Граф Босуэлл стоял в самом темном углу, привалившись спиной к стене, и ничем не обнаруживал своего присутствия. И по спине его от старых камней или от слов дяди бежал холодок.
– Если можешь – молись, – продолжал Болтон, – я дам тебе время умиротворить душу, однако у нас нет капеллана для исповеди. Я все сказал. Желаешь покаяться за содеянное – говори.
– Да пошел ты, – отвечал Додд с редким самообладанием. – Не мне каяться перед шотландскими свиньями.
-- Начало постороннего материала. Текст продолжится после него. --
(* Let $M$ be a finite regular cell complex with weights $w_\sigma>0$ on its cells, and let $\Delta=dd^*+d^*d$ be the Laplacian on $\Omega^*(M)=\bigoplus_d\Omega^d(M)$. Then $$\operatorname{Ker}(\Delta)\cong H^*(\Omega^*(M))\cong H^*(M;\mathbb{R}).$$
   Context: $C_*(M)$ is the real cellular chain complex of $M$ with boundary $\partial$ (cells oriented), with inner product $\langle\sigma,\sigma'\rangle=\delta_{\sigma,\sigma'}w_\sigma$. A combinatorial differential $d$-form is a linear map $\omega:C_*(M)\to C_*(M)$ with $\omega(C_p(M))\subset C_{p-d}(M)$ such that for each $p$-cell $\alpha$, $\omega(\alpha)$ is a linear combination of $(p-d)$-cells that are faces of $\alpha$; these form $\Omega^d(M)$. The differential $d:\Omega^d(M)\to\Omega^{d+1}(M)$ is $d\omega=\partial\circ\omega-(-1)^d\omega\circ\partial$; it satisfies $d^2=0$, and $H^*(\Omega^*(M))$ denotes the cohomology of the complex $(\Omega^*(M),d)$. $\Omega^*(M)$ carries the $L^2$ inner product $\langle u,v\rangle=\sum_\sigma\frac{1}{w_\sigma}\langle u(\sigma),v(\sigma)\rangle$ (forms of different degree orthogonal), and $d^*$ is the adjoint of $d$ with respect to it. *)

From HB Require Import structures.
From mathcomp Require Import all_boot all_order all_algebra.
From mathcomp Require Import reals.
Set Implicit Arguments.
Unset Strict Implicit.
Unset Printing Implicit Defensive.
Import Order.TTheory GRing.Theory Num.Theory.
Local Open Scope ring_scope.

(* A finite cell complex M with n cells, the cells being indexed by 'I_n.
   - dim s    : the dimension of the cell s
   - inc s t  : the incidence number [s : t], so that  d s = sum_t [s:t] t
   - face s t : "t is a face of s" (reflexive: s is a face of itself)
   Chains are row vectors 'rV[R]_n (c 0 t = coefficient of the cell t),
   linear maps C_* -> C_* act on the right: c |-> c *m W, so that
   W s t is the coefficient of t in W(s). *)

Section CellComplex.
Variables (R : realType) (n : nat).
Variables (dim : 'I_n -> nat) (inc : 'I_n -> 'I_n -> int) (face : rel 'I_n).

Definition bd : 'M[R]_n := \matrix_(s, t) (inc s t)%:~R.

Definition supported_on_faces (s : 'I_n) (k : nat) (c : 'rV[R]_n) :=
  forall t, c 0 t != 0 -> face s t && (dim t == k).

(* Regularity enters through: codimension-one faces have incidence +-1,
   the face poset is generated by codimension-one faces, and every closed
   cell (the subcomplex of the faces of a cell) is acyclic (augmented
   real cellular chain complex is exact), as closed cells are balls. *)
Record regular_cell_complex : Prop := {
  face_refl : forall s, face s s;
  face_anti : forall s t, face s t -> face t s -> s = t;
  face_trans : forall s t u, face s t -> face t u -> face s u;
  face_dim : forall s t, face s t -> (dim t <= dim s)%N;
  inc_values : forall s t, inc s t = 0 \/ inc s t = 1 \/ inc s t = -1;
  inc_face : forall s t, inc s t != 0 <-> (face s t /\ dim s = (dim t).+1);
  face_covers : forall s t, face s t -> s <> t ->
      exists2 u, inc s u != 0 & face u t;
  bd_bd : forall s t, \sum_u inc s u * inc u t = 0;
  bd_aug : forall s, dim s = 1%N -> \sum_t inc s t = 0;
  closed_cell_acyclic : forall (s : 'I_n) (k : nat) (c : 'rV[R]_n),
      supported_on_faces s k c ->
      (if k is 0%N then \sum_t c 0 t == 0 else c *m bd == 0) ->
      exists2 b : 'rV[R]_n, supported_on_faces s k.+1 b & c = b *m bd
}.

Definition maxdeg : nat := (\max_(s : 'I_n) dim s).+1.

Definition degpart (k : nat) (W : 'M[R]_n) : 'M[R]_n :=
  \matrix_(s, t) (if dim s == (dim t + k)%N then W s t else 0).

Definition Omega (k : nat) : {vspace 'M[R]_n} :=
  (\sum_(s : 'I_n) \sum_(t : 'I_n | face s t && (dim s == dim t + k)%N)
      <[delta_mx s t]>)%VS.

Definition Omega_all : {vspace 'M[R]_n} := (\sum_(k < maxdeg) Omega k)%VS.

(* d on Omega^k :  d w = bd o w - (-1)^k w o bd ;  extended to Omega^* *)
Definition dk (k : nat) (W : 'M[R]_n) : 'M[R]_n :=
  W *m bd - (-1) ^+ k *: (bd *m W).

Definition dform (W : 'M[R]_n) : 'M[R]_n :=
  \sum_(k < maxdeg) dk k (degpart k W).

Fact dform_linear : linear dform.
Proof.
move=> a A B; rewrite /dform scaler_sumr -big_split /=; apply: eq_bigr => k _.
have -> : degpart k (a *: A + B) = a *: degpart k A + degpart k B.
  by apply/matrixP => i j; rewrite !mxE; case: ifP => _; rewrite ?mulr0 ?addr0.
rewrite /dk mulmxDl mulmxDr -!scalemxAl -!scalemxAr.
rewrite scalerDr scalerBr opprD addrACA; congr (_ + _).
by rewrite !scalerA mulrC.
Qed.

HB.instance Definition _ :=
  GRing.isLinear.Build R 'M[R]_n 'M[R]_n *:%R dform dform_linear.

Definition dlin : 'End('M[R]_n) := linfun dform.

Variable w : 'I_n -> R.

Definition chain_ip (c c' : 'rV[R]_n) : R := \sum_t c 0 t * c' 0 t * w t.

Definition form_ip_deg (U V : 'M[R]_n) : R :=
  \sum_s (w s)^-1 * chain_ip (row s U) (row s V).

(* on Omega^* : forms of different degrees are orthogonal *)
Definition form_ip (U V : 'M[R]_n) : R :=
  \sum_(k < maxdeg) form_ip_deg (degpart k U) (degpart k V).

Definition is_adjoint_of_d (dstar : 'M[R]_n -> 'M[R]_n) : Prop :=
  (forall V, V \in Omega_all -> dstar V \in Omega_all) /\
  (forall U V, U \in Omega_all -> V \in Omega_all ->
     form_ip (dform U) V = form_ip U (dstar V)).

Definition laplacian (dstar : 'M[R]_n -> 'M[R]_n) (W : 'M[R]_n) : 'M[R]_n :=
  dform (dstar W) + dstar (dform W).

Definition Zform (k : nat) : {vspace 'M[R]_n} := (Omega k :&: lker dlin)%VS.
Definition Bform (k : nat) : {vspace 'M[R]_n} :=
  if k is k'.+1 then (dlin @: Omega k')%VS else 0%VS.
(* dimension of H^k(Omega^*(M)) = dim Z^k - dim B^k  (B^k <= Z^k) *)
Definition dim_H_Omega (k : nat) : nat := (\dim (Zform k) - \dim (Bform k))%N.

(* cochains = column vectors, phi s = value on s; coboundary
   (delta phi)(s) = phi(d s) = sum_t [s:t] phi(t), i.e. delta = bd *m _ *)
Definition Cochains (k : nat) : {vspace 'cV[R]_n} :=
  (\sum_(s : 'I_n | dim s == k) <[delta_mx s ord0]>)%VS.
Definition coboundary : 'Hom('cV[R]_n, 'cV[R]_n) := linfun (mulmx bd).
Definition Zcell (k : nat) : {vspace 'cV[R]_n} :=
  (Cochains k :&: lker coboundary)%VS.
Definition Bcell (k : nat) : {vspace 'cV[R]_n} :=
  if k is k'.+1 then (coboundary @: Cochains k')%VS else 0%VS.
Definition dim_H_cell (k : nat) : nat := (\dim (Zcell k) - \dim (Bcell k))%N.

End CellComplex.

From HB Require Import structures.
From mathcomp Require Import all_boot all_order all_algebra.
From mathcomp Require Import reals.
From mathcomp Require Import zify.
Set Implicit Arguments.
Unset Strict Implicit.
Unset Printing Implicit Defensive.
Import Order.TTheory GRing.Theory Num.Theory.
Local Open Scope ring_scope.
Я резал вас всласть десять лет, и буду резать еще – потому что ребята меня не бросят, по камушку растащат этот ваш сарай. И клал я на твоего графа…
Катберт молча перехватил Додда за горло – тот захрипел и закашлялся, а потом и заорал, потому что палач молниеносно снял ножом с его языка полоску кожи, и кровь побежала из искривленного болью рта.
– Напрасно, – заметил Болтон, – напрасно ты отказался от милости нашего господина. Парни, вяжите-ка его к «исповеднику»!
«Исповедник» был обычным креслом из крепкого дуба, тяжело срубленным, обитым железом, открывавшим для палача свободный доступ ко всем членам привязанного к нему обреченного. Кроме того, под седалищем можно было развести огонь для поджаривания…
– И – тиски для больших пальцев! – продолжил старший Хепберн.
Похоже, ему даже не было нужды в услугах кривого палача, сказал себе Белокурый, и без Катберта знает, куда нажать. Он не вмешивался и по-прежнему молчал, дав дяде полную волю в черной работе. А тот действовал хладнокровно, без удовольствия, но и без брезгливости, словно нет ничего, более обычного, чем каленое железо, шипящее глубоко в человеческом теле.
– Огня! – приказал Болтон, и Катберт вновь вложил ему в руку раскаленный прут.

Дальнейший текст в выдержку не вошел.